[Stored data]

★ ★ ★

Lemma mx11_eq0 (R : nmodType) (A : 'M[R]_1) : (A == 0) = (A 0 0 == 0).
Proof.
apply/eqP/eqP => [-> | A00]; first by rewrite mxE.
by apply/matrixP => i j; rewrite !ord1 A00 mxE.
Qed.

Lemma unitmx_rV_eq0 (F : finFieldType) n (A : 'M[F]_n) :
  (A \in unitmx) = [forall x : 'rV_n, (x *m A == 0) ==> (x == 0)].
Proof.
rewrite -row_free_unit; apply/idP/forallP => [freeA x | injA].
  by rewrite mulmx_free_eq0 ?implybb.
by apply: inj_row_free => x /eqP xA0; apply/eqP; exact: implyP (injA x) xA0.
Qed.

Section FiniteCover.
Variables (T : finType) (s : seq T).
Hypothesis mem_s : forall x, x \in s.

Lemma forall_cover (P : pred T) : [forall x, P x] = all P s.
Proof. by apply/forallP/allP => [P_T x _ | P_s x]; [apply: P_T | apply: P_s]. Qed.

Lemma exists_cover (P : pred T) : [exists x, P x] = has P s.
Proof. by apply/existsP/hasP => [[x Px] | [x _ Px]]; exists x. Qed.

Lemma card_cover (P : pred T) : uniq s -> #|[set x | P x]| = count P s.
Proof.
move=> s_uniq; rewrite -size_filter -(card_uniqP (filter_uniq P s_uniq)).
by apply: eq_card => x; rewrite inE mem_filter mem_s andbT.
Qed.

End FiniteCover.

Lemma has_filter_and (T : Type) (a b : pred T) s :
  has b (filter a s) = has (fun x => a x && b x) s.
Proof. by elim: s => //= x s IH; case: (a x); rewrite /= IH. Qed.

Lemma card_set_uniq (T : finType) (s : seq T) : uniq s -> #|[set:: s]| = size s.
Proof. by move=> s_uniq; rewrite cardsE; apply/card_uniqP. Qed.

Lemma set_seq4 (T : finType) (a b c d : T) : [set a; b; c; d] = [set:: [:: a; b; c; d]].
Proof. by apply/setP => x; rewrite !inE -!orbA. Qed.

Definition bit4 := (bool * bool * bool * bool)%type.
Definition bit44 := (bit4 * bit4 * bit4 * bit4)%type.

Definition bnth (v : bit4) (i : nat) : bool :=
  let: (a, b, c, d) := v in nth false [:: a; b; c; d] i.
Definition brow (m : bit44) (i : nat) : bit4 :=
  let: (r0, r1, r2, r3) := m in nth r0 [:: r0; r1; r2; r3] i.

Definition rv (v : bit4) : 'rV['F_2]_4 := \row_(j < 4) (bnth v j)%:R.
Definition mx (m : bit44) : 'M['F_2]_4 :=
  \matrix_(i < 4, j < 4) (bnth (brow m i) j)%:R.

Definition bits (x : 'rV['F_2]_4) : bit4 :=
  (x 0 (inord 0) != 0, x 0 (inord 1) != 0, x 0 (inord 2) != 0, x 0 (inord 3) != 0).
Definition bitsmx (A : 'M['F_2]_4) : bit44 :=
  (bits (row (inord 0) A), bits (row (inord 1) A),
   bits (row (inord 2) A), bits (row (inord 3) A)).

Lemma bnth_bits x (j : 'I_4) : bnth (bits x) j = (x 0 j != 0).
Proof. by rewrite -[in RHS](inord_val j); case: j => [[|[|[|[|j]]]] ?] //. Qed.
(* Assume $r\ge2$, let $F:(\mathbb{R}^n,D)\to(\mathbb{R}^n,D)$ be an $\eta$-quasisymmetric homeomorphism, and write $F(x,y)=(H(x,y),G(y))$ for $x\in\mathbb{R}^{n_1}$, $y\in Y$ (such maps exist since $F$ maps each horizontal leaf $\mathbb{R}^{n_1}\times\{y\}$ onto a horizontal leaf). Suppose there are constants $K\ge1$ and $C>0$ such that (1) $G:(Y,D_Y)\to(Y,D_Y)$ is a $K$-quasisimilarity with constant $C$, and (2) for each $y\in Y$, $H(\cdot,y):\mathbb{R}^{n_1}\to\mathbb{R}^{n_1}$ (Euclidean metric) is a $K$-quasisimilarity with constant $C$. Then $F$ is an $(\eta(1)/\eta^{-1}(1))K$-quasisimilarity (with respect to $D$) with constant $C$.
   Context: Let $n_1,\dots,n_r\ge1$, $n=n_1+\dots+n_r$, $0<\alpha_1<\dots<\alpha_r$. For $x=(x_1,\dots,x_r)\in\mathbb{R}^n=\mathbb{R}^{n_1}\times\dots\times\mathbb{R}^{n_r}$, $D(x,y)=\max\{|x_1-y_1|,|x_2-y_2|^{\alpha_1/\alpha_2},\dots,|x_r-y_r|^{\alpha_1/\alpha_r}\}$. $Y=\mathbb{R}^{n_2}\times\dots\times\mathbb{R}^{n_r}$, $\mathbb{R}^n=\mathbb{R}^{n_1}\times Y$, $D_Y((x_2,\dots,x_r),(x_2',\dots,x_r'))=\max_{2\le i\le r}|x_i-x_i'|^{\alpha_1/\alpha_i}$. $\eta:[0,\infty)\to[0,\infty)$ is a homeomorphism; $f$ is $\eta$-quasisymmetric if $\frac{d(f(x),f(y))}{d(f(x),f(z))}\le\eta(\frac{d(x,y)}{d(x,z)})$ for distinct $x,y,z$. A bijection $\Phi$ is a $K$-quasisimilarity with constant $C>0$ if $\frac CK d(a,b)\le d(\Phi(a),\Phi(b))\le CK\,d(a,b)$ for all $a,b$. *)

From HB Require Import structures.
From mathcomp Require Import all_boot all_order all_algebra.
From mathcomp Require Import all_classical all_reals all_analysis.
Set Implicit Arguments. Unset Strict Implicit. Unset Printing Implicit Defensive.
Import Order.TTheory GRing.Theory Num.Theory.
Import numFieldNormedType.Exports.
Local Open Scope ring_scope.
Local Open Scope classical_set_scope.

Section Defs.
Variable R : realType.

Definition enorm (m : nat) (v : 'rV[R]_m) : R := Num.sqrt (\sum_(j < m) v 0 j ^+ 2).

(* A point of R^n = R^{n_1} x ... x R^{n_r}; block i (0-based) lives in R^{ns i} *)
Definition Pt (r : nat) (ns : nat -> nat) := forall i : 'I_r, 'rV[R]_(ns i).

★ ★ ★

(Directions): Begin at the line above that has "by apply/matrixP =>" and stop after the line that has "End FiniteCover.", copying each line exactly and adding nothing else.

(Exercise answer):
by apply/matrixP => i j; rewrite !ord1 A00 mxE.
Qed.

Lemma unitmx_rV_eq0 (F : finFieldType) n (A : 'M[F]_n) :
  (A \in unitmx) = [forall x : 'rV_n, (x *m A == 0) ==> (x == 0)].
Proof.
rewrite -row_free_unit; apply/idP/forallP => [freeA x | injA].
  by rewrite mulmx_free_eq0 ?implybb.
by apply: inj_row_free => x /eqP xA0; apply/eqP; exact: implyP (injA x) xA0.
Qed.

Section FiniteCover.
Variables (T : finType) (s : seq T).
Hypothesis mem_s : forall x, x \in s.

Lemma forall_cover (P : pred T) : [forall x, P x] = all P s.
Proof. by apply/forallP/allP => [P_T x _ | P_s x]; [apply: P_T | apply: P_s]. Qed.

Lemma exists_cover (P : pred T) : [exists x, P x] = has P s.
Proof. by apply/existsP/hasP => [[x Px] | [x _ Px]]; exists x. Qed.

Lemma card_cover (P : pred T) : uniq s -> #|[set x | P x]| = count P s.
Proof.
move=> s_uniq; rewrite -size_filter -(card_uniqP (filter_uniq P s_uniq)).
by apply: eq_card => x; rewrite inE mem_filter mem_s andbT.
Qed.

End FiniteCover.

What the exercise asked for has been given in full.